There were 8,400 breathing spaces registered under the Debt Respite Scheme in July 2025. This is 14% higher than in July 2024. Of the 8,400 breathing space registrations, 8,286 were Standard breathing space registrations and 114 were Mental Health breathing space registrations. Between the start of the scheme in May 2021 and 31 July 2025, StepChange Debt Charity registered 60% of breathing spaces.

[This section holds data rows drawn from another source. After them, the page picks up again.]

Lemma bilin_sum M x y : bilin M x y = \sum_i \sum_j x i 0 * M i j * y j 0.
Proof.
rewrite /bilin mxE exchange_big; apply: eq_bigr => j _.
by rewrite mxE mulr_suml; apply: eq_bigr => i _; rewrite mxE.
Qed.

End BilinearForm.

Section QuadraticForm.
Variables (R : realType) (k : nat).
Implicit Types (M : 'M[R]_k) (x y : 'cV[R]_k).

Lemma qfE M x : qf M x = bilin M x x. Proof. by []. Qed.

Lemma qf0 M : qf M 0 = 0.
Proof. by rewrite /qf mulmx0 mxE. Qed.

Lemma qfZ M a x : qf M (a *: x) = a ^+ 2 * qf M x.
Proof. by rewrite qfE bilinZl bilinZr mulrA -expr2. Qed.

Lemma qfN M x : qf M (- x) = qf M x.
Proof. by rewrite -scaleN1r qfZ sqrrN expr1n mul1r. Qed.

Lemma qfD M x y : M^T = M -> qf M (x + y) = qf M x + 2 * bilin M x y + qf M y.
Proof.
move=> sM; rewrite !qfE bilinDl !bilinDr [bilin M y x]bilin_tr sM.
by rewrite mulr2n mulrDl mul1r !addrA.
Qed.

Lemma qf1E x : qf 1%:M x = \sum_i x i 0 ^+ 2.
Proof.
by rewrite /qf mulmx1 mxE; apply: eq_bigr => i _; rewrite mxE expr2.
Qed.

Lemma qf1_ge0 x : 0 <= qf 1%:M x.
Proof. by rewrite qf1E sumr_ge0 // => i _; rewrite sqr_ge0. Qed.

Lemma qf1_gt0 x : x != 0 -> 0 < qf 1%:M x.
Proof.
move=> x0; rewrite lt_def qf1_ge0 andbT; apply: contra x0 => /eqP.
rewrite qf1E => /psumr_eq0P x2_eq0; apply/eqP/matrixP => i j.
rewrite (ord1 j) mxE; apply/eqP; rewrite -sqrf_eq0 x2_eq0 // => *.
exact: sqr_ge0.
Qed.

Lemma psd1 : psd (1%:M : 'M[R]_k).
Proof. by split; [exact: trmx1 | exact: qf1_ge0]. Qed.

Lemma pd_psd M : pd M -> psd M.
Proof.
case=> sM pM; split=> // x; have [->|/pM/ltW//] := eqVneq x 0.
by rewrite qf0.
Qed.

Lemma psd_young M x y s : psd M ->
  2 * s * bilin M x y <= qf M x + s ^+ 2 * qf M y.
Proof.
case=> sM pM; have := pM (x + (- s) *: y).
by rewrite qfD // qfZ bilinZr sqrrN; nra.
Qed.

Lemma pd_unit M : pd M -> M \in unitmx.
Proof.
case=> sM pM; rewrite unitmxE unitfE; apply/negP => /det0P [v v0 vM].
have /pM : v^T != 0 by rewrite -trmx0 (inj_eq (@trmx_inj _ _ _)).
by rewrite /qf trmxK vM !mul0mx mxE ltxx.
Qed.

Lemma bilin_invmx M x y : M^T = M -> M \in unitmx ->
  bilin M (invmx M *m x) (invmx M *m y) = bilin (invmx M) x y.
Proof.
by move=> sM uM; rewrite bilinMl bilinMr trmx_inv sM mulVmx // mul1mx.
Qed.

Lemma qf_invmx M x : pd M -> qf M (invmx M *m x) = qf (invmx M) x.
Proof. by move=> pM; rewrite !qfE bilin_invmx ?pd_unit //; case: pM. Qed.

Lemma pd_inv M : pd M -> pd (invmx M).
Proof.
move=> pM; have uM := pd_unit pM; split; first by rewrite trmx_inv pM.1.
move=> x x0; rewrite -qf_invmx //; apply: pM.2.
by apply: contra x0 => /eqP Mx0; rewrite -(mulKVmx uM x) Mx0 mulmx0.
Qed.

Lemma pd_young_inv M u w s : pd M ->
  2 * s * bilin 1%:M u w <= qf (invmx M) u + s ^+ 2 * qf M w.
Proof.
move=> pM; have := psd_young (invmx M *m u) w s (pd_psd pM).
by rewrite qf_invmx // bilinMl trmx_inv pM.1 mulVmx ?pd_unit.
Qed.

Lemma qf_block l (A : 'M[R]_k) (B : 'M[R]_(k, l)) (C : 'M[R]_(l, k)) (D : 'M[R]_l)
    x (y : 'cV[R]_l) :
  qf (block_mx A B C D) (col_mx x y) = qf A x + bilin B x y + bilin C y x + qf D y.
Proof.
rewrite /qf /bilin tr_col_mx mul_row_block mul_row_col !mulmxDl !mxE.
by rewrite addrA; congr (_ + _); rewrite -addrA [X in _ + X]addrC addrA.
Qed.

End QuadraticForm.

Section Topology.
Variable R : realType.

Lemma continuous_qf_comp (T : topologicalType) k (M : 'M[R]_k) (g : T -> 'cV[R]_k) :
  (forall i, continuous (fun t => g t i 0)) -> continuous (fun t => qf M (g t)).
Proof.
move=> cg; under eq_fun do rewrite qfE bilin_sum.
apply: continuous_big => [|i _]; first exact: add_continuous.
apply: continuous_big => [|j _ t]; first exact: add_continuous.
apply: (continuousM (s := fun x => g x i 0 * M i j)); last exact: cg.
by apply: (continuousM (s := fun x => g x i 0)); [exact: cg | exact: cst_continuous].
Qed.

Lemma continuous_qf_row k (M : 'M[R]_k) : continuous (fun v : 'rV[R]_k => qf M v^T).
Proof.
by apply: continuous_qf_comp => i; under eq_fun do rewrite mxE; exact: coord_continuous.
Qed.

Lemma unit_sphere_compact k : compact [set v : 'rV[R]_k | qf 1%:M v^T = 1].
Proof.
apply: bounded_closed_compact.
  exists 1; split=> [|r r1 v /= v1]; first exact: num_real.
  rewrite [leLHS]/Num.norm /= mx_normrE; apply: bigmax_le => [|[i j] _ /=].
    exact: le_trans (ltW r1).
  apply: le_trans (ltW r1); rewrite (ord1 i) -(expr_le1 (isT : 0 < 2)%N) //.
  rewrite real_normK ?num_real // -v1 qf1E (bigD1 j) //= mxE lerDl.
  by rewrite sumr_ge0 // => *; rewrite sqr_ge0.
exact: (continuous_closedP _).1 (continuous_qf_row (M := 1%:M)) _ (@closed_eq R 1).
Qed.

Lemma pd_coercive k (D : 'M[R]_k) : pd D ->
  exists2 mu, 0 < mu & forall x, mu * qf 1%:M x <= qf D x.
Proof.
move=> pD; pose S := [set v : 'rV[R]_k | qf 1%:M v^T = 1].
have normalize x : x != 0 -> exists2 v, S v & qf D x = qf 1%:M x * qf D v^T.
  move=> x0; have x2_gt0 := qf1_gt0 x0.
  exists ((Num.sqrt (qf 1%:M x))^-1 *: x^T); rewrite /S /= linearZ /= trmxK !qfZ.
    by rewrite exprVn sqr_sqrtr ?ltW // mulVf ?gt_eqF.
  by rewrite exprVn sqr_sqrtr ?ltW // mulrA mulfV ?gt_eqF ?mul1r.
have [[v0 Sv0]|S0] := pselect (S !=set0); last first.
  exists 1 => // x; have [->|/normalize[v Sv _]] := eqVneq x 0.
    by rewrite !qf0 mulr0.
  by case: S0; exists v.
have [c /set_mem Sc cmin] := compact_EVT_min (ex_intro _ v0 Sv0)
  (@unit_sphere_compact k) (continuous_subspaceT (continuous_qf_row (M := D))).
exists (qf D c^T).
  apply: pD.2; apply: contra_eq_neq Sc => ->.
  by rewrite qf0 eq_sym oner_neq0.
move=> x; have [->|/normalize[v Sv ->]] := eqVneq x 0; first by rewrite !qf0 mulr0.
by rewrite mulrC ler_wpM2l ?qf1_ge0 // cmin // inE.
Qed.

Lemma qf_add_le1 k (M : 'M[R]_k) (eta : R) d a : psd M -> 0 < eta ->
  (1 + eta) * qf M d <= eta ^+ 3 -> qf M a <= 1 - eta -> qf M (d + a) <= 1.
Proof.
move=> pM eta0 hd ha; rewrite qfD ?pM.1 // -(ler_pM2l eta0) mulr1.
have young := psd_young d a eta pM.
have ha' : eta * (1 + eta) * qf M a <= eta * (1 + eta) * (1 - eta).
  by rewrite ler_wpM2l // mulr_ge0 //; lra.
have qd0 := pM.2 d.
nra.
Qed.

Lemma interior_pdiff_ellipsoid k (M : 'M[R]_k) c (S : set 'cV[R]_k) (eta : R) :
  psd M -> 0 < eta -> (forall a, S a -> qf M a <= 1 - eta) ->
  interior (pdiff (ellipsoid M c) S) c.
Proof.
move=> pM eta0 hS.
have cont_qf : continuous (fun y : 'cV[R]_k => qf M (y - c)).
  apply: continuous_qf_comp => i; under eq_fun do rewrite !mxE.
  move=> y; apply: (@cvgB _ _ _ (nbhs y)); [exact: coord_continuous | exact: cvg_cst].
have delta0 : 0 < eta ^+ 3 / (1 + eta) by rewrite divr_gt0 ?exprn_gt0 //; lra.
have : \forall y \near c, qf M (y - c) < eta ^+ 3 / (1 + eta).
  by apply: (cvgr_lt _ (cont_qf c)); rewrite subrr qf0.
apply: filterS => y hy a Sa; rewrite /ellipsoid /= addrAC.
apply: (qf_add_le1 (eta := eta)) => //; last exact: hS.
by rewrite mulrC -ler_pdivlMr ?ltW //; lra.
Qed.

Tom Russell, President of R3, the UK’s restructuring, turnaround and insolvency trade body, and a Licensed Insolvency Practitioner and Director at James Cowper Kreston, said “Turning to personal insolvencies, the slight yearly rise has been driven by an increase in Individual Voluntary Arrangements (IVAs), while Bankruptcies and Debt Relief Orders (DROs) have fallen over the same period. DROs remain consistently higher than before April 2024, following changes that removed the fee and made the process more accessible, suggesting that the large surge seen last year may now be beginning to ease slightly.
“Breathing Space registrations also increased by 14% compared to this time last year, reaching their highest level in more than three years. This points to a growing number of people seeking temporary respite from creditor action, allowing them time to assess their options and plan their next steps.
“For households, the main pressure continues to come from higher day-to-day expenses. Pay increases are often absorbed by everyday essentials, leaving little room for people to build savings or manage unexpected expenses. That lack of headroom is leaving people vulnerable to even small changes in their circumstances.
“While we have not seen large-scale job losses, unemployment remains a concern, having stabilised at a higher level than this time last year.
“People rarely enter a personal insolvency process immediately after losing work and many find work again relatively quickly, but for others a longer period of unemployment or having to take work at a reduced salary can lead to mounting debts over time, and so it may be several months before these pressures show up in the statistics, with the full impact likely to emerge into 2026.”